White has managed both to shock America and become one of its most treasured sons. He has a French mind in an American body. He has become, with Henry James, Edith Wharton, James Baldwin and Paul Auster, an American writer deeply engaged with French life and letters.

White has already, for example, written the definitive biography of Genet and a short book on Proust. His masterpiece, in my opinion, is his novel The Married Man, which deals with the life of an American in Paris. Rimbaud, the genius poet, the sexual rebel, the beautiful youth, was clearly coming in White's direction; it was obvious that they would both swerve to meet one another head-on.

IN PARIS, once he arrived there, Rimbaud fell in love with the poet Paul Verlaine, recently married and awaiting his first child, and with radical politics. Rimbaud's antics with Verlaine in Paris, Brussels, London and points in between are recounted in great detail by White, as are the efforts on the part of Verlaine's mother and wife and Rimbaud's mother to get the couple to start seeing sense and stop seeing each other. This is not, however, a simple story. White quotes Graham Robb who points out how often in his years as a mad young poet Rimbaud went home to his mother with whom, for example, he rarely missed Christmas. "To those who cherish the image of the blaspheming vagrant who deliberately wrecked his career prospects, this is the unacceptable face of Arthur Rimbaud: an ambitious young writer who repeatedly returned to live with his mother and often induced her to interfere with his life."

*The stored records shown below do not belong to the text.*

(* Let $\lambda>1$, $b>0$, $s'\in(0,1]$, $r\in\mathbb{R}$, and consider the system $$x_{n+1}=s'y_n,\qquad y_{n+1}=x_n^{\lambda}e^{r-bx_{n+1}-x_n},\qquad n\ge0,$$ on $[0,\infty)^2$; put $a=r+\ln s'$. (a) Every orbit converges to $(0,0)$ if and only if $a<(\lambda-1)[1-\ln(\lambda-1)]$. (b) If $(\lambda-1)[1-\ln(\lambda-1)]<a<(\lambda-1)[1-\ln(\lambda-1)+\ln(b+1)]$, then $(0,0)$ is the only fixed point of the system in $[0,\infty)^2$, but the system has orbits in the positive quadrant that do not converge to $(0,0)$. (c) If $b\le\frac{\lambda-1}{\lambda}e^{1/(\lambda-1)}-1$ and $(\lambda-1)[1-\ln(\lambda-1)+\ln(b+1)]\le a\le\lambda-(\lambda-1)\ln\lambda$, and $x^*$ is the smallest positive solution of $x=x^\lambda e^{a-(b+1)x}$, then there are initial points $(x_0,y_0)\in[0,x^* )\times[0,x^*/s')$ whose orbit does not converge to $(0,0)$. (d) Under the hypotheses of (c), there are initial points $(x_0,y_0)\in([x^*,\lambda]\times[0,x^*/s'])\cup([0,x^*]\times[x^*/s',\lambda/s'])$ whose orbit does not converge to $(0,0)$. *)

From Stdlib Require Import Reals.
Open Scope R_scope.

(* x^l for x >= 0 and real l > 0, with the convention 0^l = 0
   (Stdlib's Rpower 0 l = exp (l * ln 0) = 1 would be wrong). *)
Definition rpow (x l : R) : R := if Rle_dec x 0 then 0 else Rpower x l.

Rimbaud perhaps pulled a masterstroke when he decided to abandon poetry and Paris at an early age. In his absence he was admired and became deeply influential in a way that might not have occurred had he stuck around. As George Bataille put it, describing Rimbaud's years of silence with a superbly gnomic Gallic wisdom: "The refusal to communicate is a means of communication more hostile, yet more powerful, than any other."

"Rimbaud looked back at his years of creativity (from age fifteen to nineteen)," Edmund White writes, "as shameful, a time of drunkenness, a period of homosexual scandal, or arrogance and rebellion that led to nothing . . . [he] longed for the sort of respectability and financial gain that his mother would admire." The poet devoted the rest of his life to trade, travelling in Africa, drifting. He died in 1891 at the age of 37.

"Rimbaud's legend has been amazingly long-lasting, self-contradictory, and widespread," White concludes. His own short, elegant book on the poet's life is a testament to the endurance of the legend, an example of the interest in Rimbaud in English now. It can be usefully read with other work on the poet which has appeared over the past decade such as Graham Robb's biography, Charles Nicholl's Somebody Else: Arthur Rimbaud in Africa: 1880-91and Selected Poems and Letters, translated and introduced by Jeremy Harding and John Sturrock.